HOW TO COMPLETE THIS TASK = Within the entries below, find the portion that opens with the line containing "Definition msum_prelmod (m" and closes with the line containing "- by move=> x y h T g hg; rewrite (h T g hg).". Retype that portion exactly and only.

[EXERCISE INPUT]

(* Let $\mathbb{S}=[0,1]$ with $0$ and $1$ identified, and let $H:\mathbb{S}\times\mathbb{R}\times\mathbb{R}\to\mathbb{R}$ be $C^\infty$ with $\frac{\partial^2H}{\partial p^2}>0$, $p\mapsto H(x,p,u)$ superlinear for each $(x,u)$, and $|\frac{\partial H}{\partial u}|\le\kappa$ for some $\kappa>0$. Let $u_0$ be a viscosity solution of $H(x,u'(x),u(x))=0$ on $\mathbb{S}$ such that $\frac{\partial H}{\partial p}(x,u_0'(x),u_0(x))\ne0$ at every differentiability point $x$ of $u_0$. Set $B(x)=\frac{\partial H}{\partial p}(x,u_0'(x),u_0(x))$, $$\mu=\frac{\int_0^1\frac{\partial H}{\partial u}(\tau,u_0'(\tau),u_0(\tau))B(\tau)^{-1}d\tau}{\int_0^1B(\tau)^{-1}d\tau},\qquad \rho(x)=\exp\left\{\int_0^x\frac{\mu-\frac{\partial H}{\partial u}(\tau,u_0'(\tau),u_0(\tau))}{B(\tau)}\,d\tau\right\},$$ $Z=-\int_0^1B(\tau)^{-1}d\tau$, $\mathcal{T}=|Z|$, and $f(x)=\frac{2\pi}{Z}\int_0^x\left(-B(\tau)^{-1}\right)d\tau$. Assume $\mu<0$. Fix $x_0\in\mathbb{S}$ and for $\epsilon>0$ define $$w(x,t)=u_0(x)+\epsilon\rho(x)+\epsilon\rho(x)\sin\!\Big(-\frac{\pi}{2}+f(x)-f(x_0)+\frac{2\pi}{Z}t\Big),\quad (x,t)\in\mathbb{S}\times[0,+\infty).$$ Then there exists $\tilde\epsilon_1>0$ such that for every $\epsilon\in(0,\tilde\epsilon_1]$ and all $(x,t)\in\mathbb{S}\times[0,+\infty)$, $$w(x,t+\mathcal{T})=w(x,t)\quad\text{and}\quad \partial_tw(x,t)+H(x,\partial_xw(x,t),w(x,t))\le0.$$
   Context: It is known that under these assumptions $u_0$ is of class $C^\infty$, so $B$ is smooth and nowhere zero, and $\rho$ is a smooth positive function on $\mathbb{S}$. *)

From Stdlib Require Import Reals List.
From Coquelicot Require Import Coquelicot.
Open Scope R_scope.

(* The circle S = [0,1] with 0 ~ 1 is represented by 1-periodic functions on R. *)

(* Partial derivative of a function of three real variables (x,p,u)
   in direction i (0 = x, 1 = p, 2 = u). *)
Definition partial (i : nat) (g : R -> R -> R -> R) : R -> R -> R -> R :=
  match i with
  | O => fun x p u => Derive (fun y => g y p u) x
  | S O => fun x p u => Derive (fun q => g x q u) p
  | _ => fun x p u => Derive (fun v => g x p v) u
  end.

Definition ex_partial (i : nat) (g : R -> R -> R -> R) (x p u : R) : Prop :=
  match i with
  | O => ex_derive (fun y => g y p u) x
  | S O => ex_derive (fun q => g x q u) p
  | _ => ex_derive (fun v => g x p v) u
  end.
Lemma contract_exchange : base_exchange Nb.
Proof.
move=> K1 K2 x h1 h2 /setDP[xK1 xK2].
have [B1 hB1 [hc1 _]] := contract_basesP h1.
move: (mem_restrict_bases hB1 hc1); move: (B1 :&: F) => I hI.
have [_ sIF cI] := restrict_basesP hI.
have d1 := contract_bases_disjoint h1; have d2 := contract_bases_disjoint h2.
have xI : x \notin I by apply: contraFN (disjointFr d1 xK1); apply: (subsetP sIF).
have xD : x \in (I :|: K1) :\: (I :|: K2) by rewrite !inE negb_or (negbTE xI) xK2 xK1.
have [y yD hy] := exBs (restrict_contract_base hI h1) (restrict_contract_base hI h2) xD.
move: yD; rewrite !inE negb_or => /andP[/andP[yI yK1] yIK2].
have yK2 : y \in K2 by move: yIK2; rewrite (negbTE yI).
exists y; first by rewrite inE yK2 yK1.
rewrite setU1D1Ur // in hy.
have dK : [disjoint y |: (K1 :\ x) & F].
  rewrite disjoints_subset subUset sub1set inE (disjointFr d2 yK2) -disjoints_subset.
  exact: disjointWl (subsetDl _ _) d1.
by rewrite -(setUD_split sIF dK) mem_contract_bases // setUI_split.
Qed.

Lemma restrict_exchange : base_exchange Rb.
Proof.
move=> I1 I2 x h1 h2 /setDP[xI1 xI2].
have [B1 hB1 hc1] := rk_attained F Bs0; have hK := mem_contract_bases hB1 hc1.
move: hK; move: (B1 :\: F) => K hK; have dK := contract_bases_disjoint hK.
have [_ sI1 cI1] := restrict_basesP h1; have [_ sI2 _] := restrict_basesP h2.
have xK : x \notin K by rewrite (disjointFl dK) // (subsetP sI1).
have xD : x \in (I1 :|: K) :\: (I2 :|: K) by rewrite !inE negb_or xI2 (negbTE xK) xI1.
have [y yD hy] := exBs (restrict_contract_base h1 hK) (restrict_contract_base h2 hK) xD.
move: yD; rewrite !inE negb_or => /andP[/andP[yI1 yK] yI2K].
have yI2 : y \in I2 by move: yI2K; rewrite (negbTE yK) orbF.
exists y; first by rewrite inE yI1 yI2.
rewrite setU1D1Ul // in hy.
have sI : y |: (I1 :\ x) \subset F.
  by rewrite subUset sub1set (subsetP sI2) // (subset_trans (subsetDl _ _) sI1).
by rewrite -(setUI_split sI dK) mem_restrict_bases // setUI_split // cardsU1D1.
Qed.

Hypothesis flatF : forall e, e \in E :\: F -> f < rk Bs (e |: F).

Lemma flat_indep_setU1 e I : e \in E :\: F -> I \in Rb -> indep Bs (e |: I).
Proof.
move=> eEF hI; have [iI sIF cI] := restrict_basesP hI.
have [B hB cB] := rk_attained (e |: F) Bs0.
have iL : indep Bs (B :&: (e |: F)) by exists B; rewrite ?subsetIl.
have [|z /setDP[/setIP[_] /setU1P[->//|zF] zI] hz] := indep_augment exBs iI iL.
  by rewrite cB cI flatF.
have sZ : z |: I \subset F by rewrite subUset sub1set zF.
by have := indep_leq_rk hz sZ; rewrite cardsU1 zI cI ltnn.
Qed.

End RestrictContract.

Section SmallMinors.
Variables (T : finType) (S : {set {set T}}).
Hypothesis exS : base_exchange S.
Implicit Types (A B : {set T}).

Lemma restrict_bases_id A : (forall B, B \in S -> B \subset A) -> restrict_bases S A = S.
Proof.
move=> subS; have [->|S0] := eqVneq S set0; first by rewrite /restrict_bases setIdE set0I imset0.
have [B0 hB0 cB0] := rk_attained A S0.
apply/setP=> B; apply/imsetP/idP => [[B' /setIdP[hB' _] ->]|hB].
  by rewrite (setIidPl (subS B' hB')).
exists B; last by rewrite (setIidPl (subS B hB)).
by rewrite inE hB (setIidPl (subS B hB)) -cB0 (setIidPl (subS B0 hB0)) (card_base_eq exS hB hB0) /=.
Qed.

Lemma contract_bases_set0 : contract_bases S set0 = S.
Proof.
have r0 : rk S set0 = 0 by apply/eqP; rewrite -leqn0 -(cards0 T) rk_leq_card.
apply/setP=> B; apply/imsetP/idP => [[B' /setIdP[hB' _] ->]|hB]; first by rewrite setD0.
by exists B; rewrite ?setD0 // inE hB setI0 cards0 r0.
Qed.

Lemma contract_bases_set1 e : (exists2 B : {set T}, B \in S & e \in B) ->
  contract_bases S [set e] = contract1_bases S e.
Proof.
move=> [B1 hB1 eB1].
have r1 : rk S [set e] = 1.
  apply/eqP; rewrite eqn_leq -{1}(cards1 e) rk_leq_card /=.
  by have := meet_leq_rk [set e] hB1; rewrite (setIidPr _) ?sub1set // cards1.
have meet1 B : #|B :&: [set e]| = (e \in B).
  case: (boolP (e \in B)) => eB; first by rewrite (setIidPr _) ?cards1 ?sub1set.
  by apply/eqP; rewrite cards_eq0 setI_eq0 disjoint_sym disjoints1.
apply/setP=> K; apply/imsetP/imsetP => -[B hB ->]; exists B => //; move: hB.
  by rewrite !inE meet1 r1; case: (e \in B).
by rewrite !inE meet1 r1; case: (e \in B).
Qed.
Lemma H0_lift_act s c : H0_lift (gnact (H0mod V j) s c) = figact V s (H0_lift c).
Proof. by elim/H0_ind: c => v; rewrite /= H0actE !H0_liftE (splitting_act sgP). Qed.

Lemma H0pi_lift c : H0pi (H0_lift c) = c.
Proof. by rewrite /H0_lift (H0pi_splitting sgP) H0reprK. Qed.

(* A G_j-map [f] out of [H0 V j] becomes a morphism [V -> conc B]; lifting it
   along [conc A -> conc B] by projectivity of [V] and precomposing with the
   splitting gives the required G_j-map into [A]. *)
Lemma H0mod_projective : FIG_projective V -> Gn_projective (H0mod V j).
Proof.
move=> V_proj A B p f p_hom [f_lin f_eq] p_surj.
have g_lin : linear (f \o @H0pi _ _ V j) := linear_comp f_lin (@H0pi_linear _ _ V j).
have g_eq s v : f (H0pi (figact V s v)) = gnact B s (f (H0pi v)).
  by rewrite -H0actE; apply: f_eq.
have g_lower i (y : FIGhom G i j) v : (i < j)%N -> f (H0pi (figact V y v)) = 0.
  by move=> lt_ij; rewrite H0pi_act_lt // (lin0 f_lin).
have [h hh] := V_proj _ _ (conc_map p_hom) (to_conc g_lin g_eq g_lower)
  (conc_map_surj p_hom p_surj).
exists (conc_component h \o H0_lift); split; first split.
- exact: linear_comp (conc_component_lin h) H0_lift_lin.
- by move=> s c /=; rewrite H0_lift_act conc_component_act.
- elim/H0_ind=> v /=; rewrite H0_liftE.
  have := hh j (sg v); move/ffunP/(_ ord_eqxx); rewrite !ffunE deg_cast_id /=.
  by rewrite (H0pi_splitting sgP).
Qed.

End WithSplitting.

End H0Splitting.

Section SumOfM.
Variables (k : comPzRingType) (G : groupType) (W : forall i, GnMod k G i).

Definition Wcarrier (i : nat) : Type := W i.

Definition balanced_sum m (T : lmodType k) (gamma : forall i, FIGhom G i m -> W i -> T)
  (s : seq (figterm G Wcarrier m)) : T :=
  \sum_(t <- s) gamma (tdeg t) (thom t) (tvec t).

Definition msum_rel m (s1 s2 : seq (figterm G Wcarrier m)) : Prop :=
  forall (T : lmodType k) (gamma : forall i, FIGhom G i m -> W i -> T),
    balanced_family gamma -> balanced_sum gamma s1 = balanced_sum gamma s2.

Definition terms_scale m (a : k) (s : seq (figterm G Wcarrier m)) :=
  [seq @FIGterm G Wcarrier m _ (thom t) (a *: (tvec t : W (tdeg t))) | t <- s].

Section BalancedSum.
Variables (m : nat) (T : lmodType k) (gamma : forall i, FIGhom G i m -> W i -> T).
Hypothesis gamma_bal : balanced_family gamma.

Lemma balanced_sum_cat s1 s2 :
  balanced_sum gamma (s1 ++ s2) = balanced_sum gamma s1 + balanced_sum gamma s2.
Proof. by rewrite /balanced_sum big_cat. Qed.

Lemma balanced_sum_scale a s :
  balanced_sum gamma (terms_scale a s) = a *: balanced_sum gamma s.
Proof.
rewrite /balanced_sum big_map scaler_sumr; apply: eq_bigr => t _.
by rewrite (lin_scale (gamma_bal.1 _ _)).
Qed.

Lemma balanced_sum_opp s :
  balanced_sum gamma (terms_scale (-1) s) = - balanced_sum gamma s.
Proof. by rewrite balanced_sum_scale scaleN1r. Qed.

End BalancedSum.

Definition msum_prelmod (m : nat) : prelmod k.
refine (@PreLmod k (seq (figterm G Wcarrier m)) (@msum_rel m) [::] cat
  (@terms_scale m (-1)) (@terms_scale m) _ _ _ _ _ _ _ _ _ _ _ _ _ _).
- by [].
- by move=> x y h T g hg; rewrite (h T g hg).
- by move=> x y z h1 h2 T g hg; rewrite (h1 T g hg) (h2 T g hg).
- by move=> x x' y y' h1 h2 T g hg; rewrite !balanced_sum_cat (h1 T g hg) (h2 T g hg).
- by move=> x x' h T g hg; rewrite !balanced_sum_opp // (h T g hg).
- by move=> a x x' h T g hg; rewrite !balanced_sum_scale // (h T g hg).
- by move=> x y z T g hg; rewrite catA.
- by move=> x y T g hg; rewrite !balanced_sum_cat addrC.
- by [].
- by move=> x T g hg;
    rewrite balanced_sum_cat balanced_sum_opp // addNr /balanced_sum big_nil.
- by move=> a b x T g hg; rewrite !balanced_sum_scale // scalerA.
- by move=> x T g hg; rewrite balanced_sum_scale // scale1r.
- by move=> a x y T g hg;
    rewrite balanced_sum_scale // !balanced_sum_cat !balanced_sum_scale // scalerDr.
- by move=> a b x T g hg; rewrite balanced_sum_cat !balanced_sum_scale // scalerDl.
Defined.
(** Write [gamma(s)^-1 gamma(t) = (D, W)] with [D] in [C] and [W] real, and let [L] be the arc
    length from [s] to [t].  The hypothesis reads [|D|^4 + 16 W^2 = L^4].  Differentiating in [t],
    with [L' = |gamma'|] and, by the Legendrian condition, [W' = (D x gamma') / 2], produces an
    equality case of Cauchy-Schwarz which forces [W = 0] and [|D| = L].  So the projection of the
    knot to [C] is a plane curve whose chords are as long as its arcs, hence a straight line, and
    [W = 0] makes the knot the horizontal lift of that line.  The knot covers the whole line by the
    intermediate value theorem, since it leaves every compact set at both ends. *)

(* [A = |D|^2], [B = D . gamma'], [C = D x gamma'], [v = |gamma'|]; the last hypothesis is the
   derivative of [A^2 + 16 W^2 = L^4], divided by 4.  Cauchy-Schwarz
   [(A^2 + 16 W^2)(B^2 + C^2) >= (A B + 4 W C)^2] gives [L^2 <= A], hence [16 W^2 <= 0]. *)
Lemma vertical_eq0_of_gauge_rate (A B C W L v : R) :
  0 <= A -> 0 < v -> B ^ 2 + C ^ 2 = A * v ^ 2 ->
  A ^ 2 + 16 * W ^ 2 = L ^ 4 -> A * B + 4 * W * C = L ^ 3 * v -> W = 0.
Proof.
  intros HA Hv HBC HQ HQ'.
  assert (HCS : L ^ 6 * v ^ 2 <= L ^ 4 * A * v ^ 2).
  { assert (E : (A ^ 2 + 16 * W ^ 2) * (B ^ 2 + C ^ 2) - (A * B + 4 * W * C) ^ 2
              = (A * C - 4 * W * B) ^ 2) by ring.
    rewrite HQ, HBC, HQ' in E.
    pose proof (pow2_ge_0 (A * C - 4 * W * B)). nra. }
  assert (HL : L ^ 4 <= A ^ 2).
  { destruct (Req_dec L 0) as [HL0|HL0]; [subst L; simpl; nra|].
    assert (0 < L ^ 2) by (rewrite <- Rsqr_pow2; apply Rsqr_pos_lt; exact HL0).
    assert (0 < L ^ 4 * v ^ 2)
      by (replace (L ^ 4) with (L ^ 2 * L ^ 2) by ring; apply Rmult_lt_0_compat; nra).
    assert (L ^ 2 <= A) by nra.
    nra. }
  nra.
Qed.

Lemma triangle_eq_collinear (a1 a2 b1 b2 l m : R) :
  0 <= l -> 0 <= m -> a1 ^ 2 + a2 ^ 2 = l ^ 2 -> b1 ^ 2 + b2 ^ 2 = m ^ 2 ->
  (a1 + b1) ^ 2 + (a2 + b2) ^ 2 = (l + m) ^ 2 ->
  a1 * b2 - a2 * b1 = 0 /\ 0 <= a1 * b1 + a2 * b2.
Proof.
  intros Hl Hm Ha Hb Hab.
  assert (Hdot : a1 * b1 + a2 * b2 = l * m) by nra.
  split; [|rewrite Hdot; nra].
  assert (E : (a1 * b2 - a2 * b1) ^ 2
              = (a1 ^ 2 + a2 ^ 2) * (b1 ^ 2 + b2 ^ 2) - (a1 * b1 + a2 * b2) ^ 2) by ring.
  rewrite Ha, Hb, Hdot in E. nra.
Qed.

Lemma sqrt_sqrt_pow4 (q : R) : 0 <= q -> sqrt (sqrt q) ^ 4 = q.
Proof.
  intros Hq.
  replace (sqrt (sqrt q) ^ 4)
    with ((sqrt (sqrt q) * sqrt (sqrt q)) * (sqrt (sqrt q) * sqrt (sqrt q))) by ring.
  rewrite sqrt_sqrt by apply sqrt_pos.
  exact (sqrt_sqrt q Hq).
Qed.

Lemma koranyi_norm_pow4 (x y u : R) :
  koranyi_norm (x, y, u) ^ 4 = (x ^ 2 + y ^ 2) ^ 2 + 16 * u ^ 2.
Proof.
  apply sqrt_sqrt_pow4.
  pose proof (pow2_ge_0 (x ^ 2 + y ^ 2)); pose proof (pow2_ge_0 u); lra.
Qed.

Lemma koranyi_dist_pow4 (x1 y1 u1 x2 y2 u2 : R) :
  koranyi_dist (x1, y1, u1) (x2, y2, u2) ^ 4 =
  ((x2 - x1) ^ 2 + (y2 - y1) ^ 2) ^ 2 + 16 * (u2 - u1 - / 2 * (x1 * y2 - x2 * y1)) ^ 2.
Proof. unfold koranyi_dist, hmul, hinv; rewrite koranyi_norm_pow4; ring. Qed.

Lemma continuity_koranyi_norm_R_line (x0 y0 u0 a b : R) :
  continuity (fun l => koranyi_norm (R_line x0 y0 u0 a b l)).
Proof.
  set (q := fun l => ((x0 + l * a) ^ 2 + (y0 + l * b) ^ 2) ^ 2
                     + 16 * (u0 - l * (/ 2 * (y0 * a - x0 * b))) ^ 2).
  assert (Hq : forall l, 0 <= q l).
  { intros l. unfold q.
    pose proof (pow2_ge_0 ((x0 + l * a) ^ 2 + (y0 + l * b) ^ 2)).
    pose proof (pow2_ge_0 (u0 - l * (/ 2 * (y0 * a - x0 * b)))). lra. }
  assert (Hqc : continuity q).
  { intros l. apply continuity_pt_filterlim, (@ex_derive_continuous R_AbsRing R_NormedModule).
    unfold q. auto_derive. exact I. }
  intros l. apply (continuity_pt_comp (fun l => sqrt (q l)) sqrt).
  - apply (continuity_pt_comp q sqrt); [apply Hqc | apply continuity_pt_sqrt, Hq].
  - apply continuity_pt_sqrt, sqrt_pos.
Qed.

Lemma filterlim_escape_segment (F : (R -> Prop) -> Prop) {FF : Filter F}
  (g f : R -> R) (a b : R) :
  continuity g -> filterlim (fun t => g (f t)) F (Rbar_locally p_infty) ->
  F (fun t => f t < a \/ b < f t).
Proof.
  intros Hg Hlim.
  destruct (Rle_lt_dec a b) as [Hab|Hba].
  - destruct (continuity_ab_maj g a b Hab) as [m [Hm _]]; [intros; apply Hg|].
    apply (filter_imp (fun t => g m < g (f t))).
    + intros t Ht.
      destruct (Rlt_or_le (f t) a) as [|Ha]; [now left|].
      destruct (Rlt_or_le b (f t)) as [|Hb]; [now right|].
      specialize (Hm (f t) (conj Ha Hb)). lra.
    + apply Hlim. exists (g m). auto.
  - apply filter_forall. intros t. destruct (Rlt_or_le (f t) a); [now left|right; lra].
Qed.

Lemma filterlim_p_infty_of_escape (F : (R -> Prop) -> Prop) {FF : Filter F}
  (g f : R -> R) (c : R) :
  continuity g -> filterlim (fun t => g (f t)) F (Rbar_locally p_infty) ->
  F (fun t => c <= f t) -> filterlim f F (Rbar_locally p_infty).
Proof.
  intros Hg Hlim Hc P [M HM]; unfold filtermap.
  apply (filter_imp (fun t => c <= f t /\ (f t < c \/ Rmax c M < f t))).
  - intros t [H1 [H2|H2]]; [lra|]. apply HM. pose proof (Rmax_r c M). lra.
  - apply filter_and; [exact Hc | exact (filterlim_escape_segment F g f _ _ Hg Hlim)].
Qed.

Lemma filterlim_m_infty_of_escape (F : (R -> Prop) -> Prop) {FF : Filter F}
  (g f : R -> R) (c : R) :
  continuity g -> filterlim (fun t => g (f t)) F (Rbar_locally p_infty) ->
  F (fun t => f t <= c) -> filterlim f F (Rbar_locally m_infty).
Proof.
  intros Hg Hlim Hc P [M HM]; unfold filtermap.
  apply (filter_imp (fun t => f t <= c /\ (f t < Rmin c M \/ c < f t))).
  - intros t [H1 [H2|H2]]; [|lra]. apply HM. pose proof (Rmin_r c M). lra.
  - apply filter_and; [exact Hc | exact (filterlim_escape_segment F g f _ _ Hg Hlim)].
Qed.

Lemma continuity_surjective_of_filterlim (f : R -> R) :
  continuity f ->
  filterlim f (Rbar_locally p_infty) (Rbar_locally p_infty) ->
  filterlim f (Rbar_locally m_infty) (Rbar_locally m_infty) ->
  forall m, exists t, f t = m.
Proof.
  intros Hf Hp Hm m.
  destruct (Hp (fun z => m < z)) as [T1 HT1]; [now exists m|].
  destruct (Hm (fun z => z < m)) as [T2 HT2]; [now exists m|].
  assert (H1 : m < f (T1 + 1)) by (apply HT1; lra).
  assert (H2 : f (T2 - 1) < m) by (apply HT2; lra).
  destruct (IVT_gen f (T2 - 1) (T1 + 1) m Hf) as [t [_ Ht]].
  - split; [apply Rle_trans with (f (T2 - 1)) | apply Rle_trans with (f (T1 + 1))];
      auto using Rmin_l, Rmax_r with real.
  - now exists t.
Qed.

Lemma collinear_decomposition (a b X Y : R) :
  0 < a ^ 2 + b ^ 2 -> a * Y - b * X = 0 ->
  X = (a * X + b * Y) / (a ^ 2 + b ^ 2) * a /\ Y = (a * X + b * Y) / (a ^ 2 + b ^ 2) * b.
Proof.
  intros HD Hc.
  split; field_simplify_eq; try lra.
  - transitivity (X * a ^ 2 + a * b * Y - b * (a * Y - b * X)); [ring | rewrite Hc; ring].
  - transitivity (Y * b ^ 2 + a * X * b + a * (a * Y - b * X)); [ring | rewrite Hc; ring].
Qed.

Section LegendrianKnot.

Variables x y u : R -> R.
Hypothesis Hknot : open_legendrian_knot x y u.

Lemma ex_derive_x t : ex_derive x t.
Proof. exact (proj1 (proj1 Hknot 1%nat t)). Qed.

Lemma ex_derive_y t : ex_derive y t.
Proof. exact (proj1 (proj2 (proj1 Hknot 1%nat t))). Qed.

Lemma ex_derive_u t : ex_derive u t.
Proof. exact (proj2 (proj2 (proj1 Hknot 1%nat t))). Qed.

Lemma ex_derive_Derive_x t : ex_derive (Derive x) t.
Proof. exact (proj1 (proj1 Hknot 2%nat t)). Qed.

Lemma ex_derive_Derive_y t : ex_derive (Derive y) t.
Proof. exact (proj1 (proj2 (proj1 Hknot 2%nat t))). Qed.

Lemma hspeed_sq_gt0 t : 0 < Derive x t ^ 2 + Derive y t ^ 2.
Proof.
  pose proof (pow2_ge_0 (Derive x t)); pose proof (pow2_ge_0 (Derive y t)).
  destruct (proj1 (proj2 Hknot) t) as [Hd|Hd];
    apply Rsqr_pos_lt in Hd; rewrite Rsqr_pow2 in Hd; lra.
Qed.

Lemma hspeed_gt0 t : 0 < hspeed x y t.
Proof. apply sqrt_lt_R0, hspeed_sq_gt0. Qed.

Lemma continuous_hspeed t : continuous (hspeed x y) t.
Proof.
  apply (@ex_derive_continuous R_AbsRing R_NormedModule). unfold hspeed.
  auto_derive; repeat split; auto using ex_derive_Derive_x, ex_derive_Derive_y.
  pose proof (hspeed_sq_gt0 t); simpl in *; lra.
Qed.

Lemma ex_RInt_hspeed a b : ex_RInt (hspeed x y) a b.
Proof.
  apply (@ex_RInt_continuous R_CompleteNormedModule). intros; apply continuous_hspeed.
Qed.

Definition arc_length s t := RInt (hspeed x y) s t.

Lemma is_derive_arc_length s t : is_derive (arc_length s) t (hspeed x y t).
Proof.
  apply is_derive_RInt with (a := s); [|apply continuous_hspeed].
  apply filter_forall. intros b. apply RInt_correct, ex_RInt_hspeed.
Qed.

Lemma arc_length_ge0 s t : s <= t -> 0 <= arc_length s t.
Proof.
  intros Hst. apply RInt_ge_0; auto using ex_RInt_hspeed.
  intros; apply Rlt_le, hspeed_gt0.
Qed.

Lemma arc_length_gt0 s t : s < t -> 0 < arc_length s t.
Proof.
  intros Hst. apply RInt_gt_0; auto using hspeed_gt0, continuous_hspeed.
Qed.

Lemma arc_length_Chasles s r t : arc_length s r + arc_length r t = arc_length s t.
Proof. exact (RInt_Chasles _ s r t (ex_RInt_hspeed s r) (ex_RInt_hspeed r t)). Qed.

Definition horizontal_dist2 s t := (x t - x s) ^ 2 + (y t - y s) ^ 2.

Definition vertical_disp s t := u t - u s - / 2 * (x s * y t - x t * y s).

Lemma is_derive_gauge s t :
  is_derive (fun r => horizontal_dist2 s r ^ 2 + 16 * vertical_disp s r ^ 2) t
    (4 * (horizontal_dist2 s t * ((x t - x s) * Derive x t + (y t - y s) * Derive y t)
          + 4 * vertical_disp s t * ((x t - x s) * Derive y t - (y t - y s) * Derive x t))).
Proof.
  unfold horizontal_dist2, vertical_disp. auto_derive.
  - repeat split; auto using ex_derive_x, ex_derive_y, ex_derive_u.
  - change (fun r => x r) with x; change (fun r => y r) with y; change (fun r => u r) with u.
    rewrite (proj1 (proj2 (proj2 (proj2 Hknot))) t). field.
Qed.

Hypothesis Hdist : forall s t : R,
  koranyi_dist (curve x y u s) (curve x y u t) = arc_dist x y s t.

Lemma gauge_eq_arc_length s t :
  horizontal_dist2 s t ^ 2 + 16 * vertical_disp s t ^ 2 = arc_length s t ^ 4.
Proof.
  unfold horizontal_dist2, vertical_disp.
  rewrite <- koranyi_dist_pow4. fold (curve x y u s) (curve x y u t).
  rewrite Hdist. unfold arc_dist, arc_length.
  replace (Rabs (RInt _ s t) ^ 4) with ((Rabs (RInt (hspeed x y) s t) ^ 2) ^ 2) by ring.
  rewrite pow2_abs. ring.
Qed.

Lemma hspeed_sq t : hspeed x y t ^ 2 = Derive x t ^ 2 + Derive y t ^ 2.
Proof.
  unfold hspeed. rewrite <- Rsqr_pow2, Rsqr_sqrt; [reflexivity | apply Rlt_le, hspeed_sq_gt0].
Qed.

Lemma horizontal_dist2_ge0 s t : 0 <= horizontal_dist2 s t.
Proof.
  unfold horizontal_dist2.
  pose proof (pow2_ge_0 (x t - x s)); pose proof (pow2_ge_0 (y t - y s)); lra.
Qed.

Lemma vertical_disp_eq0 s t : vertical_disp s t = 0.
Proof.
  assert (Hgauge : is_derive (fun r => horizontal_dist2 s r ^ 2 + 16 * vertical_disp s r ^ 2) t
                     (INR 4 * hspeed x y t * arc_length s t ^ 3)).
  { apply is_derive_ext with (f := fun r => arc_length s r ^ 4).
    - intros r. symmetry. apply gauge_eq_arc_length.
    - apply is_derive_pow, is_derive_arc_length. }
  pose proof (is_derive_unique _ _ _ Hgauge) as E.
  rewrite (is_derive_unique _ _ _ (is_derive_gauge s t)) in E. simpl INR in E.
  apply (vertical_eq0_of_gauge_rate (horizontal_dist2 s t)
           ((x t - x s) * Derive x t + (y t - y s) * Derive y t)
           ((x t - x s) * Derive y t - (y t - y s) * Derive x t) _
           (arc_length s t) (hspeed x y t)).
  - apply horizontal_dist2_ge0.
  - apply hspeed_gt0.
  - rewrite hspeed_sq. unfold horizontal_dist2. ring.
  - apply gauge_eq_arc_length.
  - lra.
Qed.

[/EXERCISE INPUT]

REPLY TO THE EXERCISE =
Definition msum_prelmod (m : nat) : prelmod k.
refine (@PreLmod k (seq (figterm G Wcarrier m)) (@msum_rel m) [::] cat
  (@terms_scale m (-1)) (@terms_scale m) _ _ _ _ _ _ _ _ _ _ _ _ _ _).
- by [].
- by move=> x y h T g hg; rewrite (h T g hg).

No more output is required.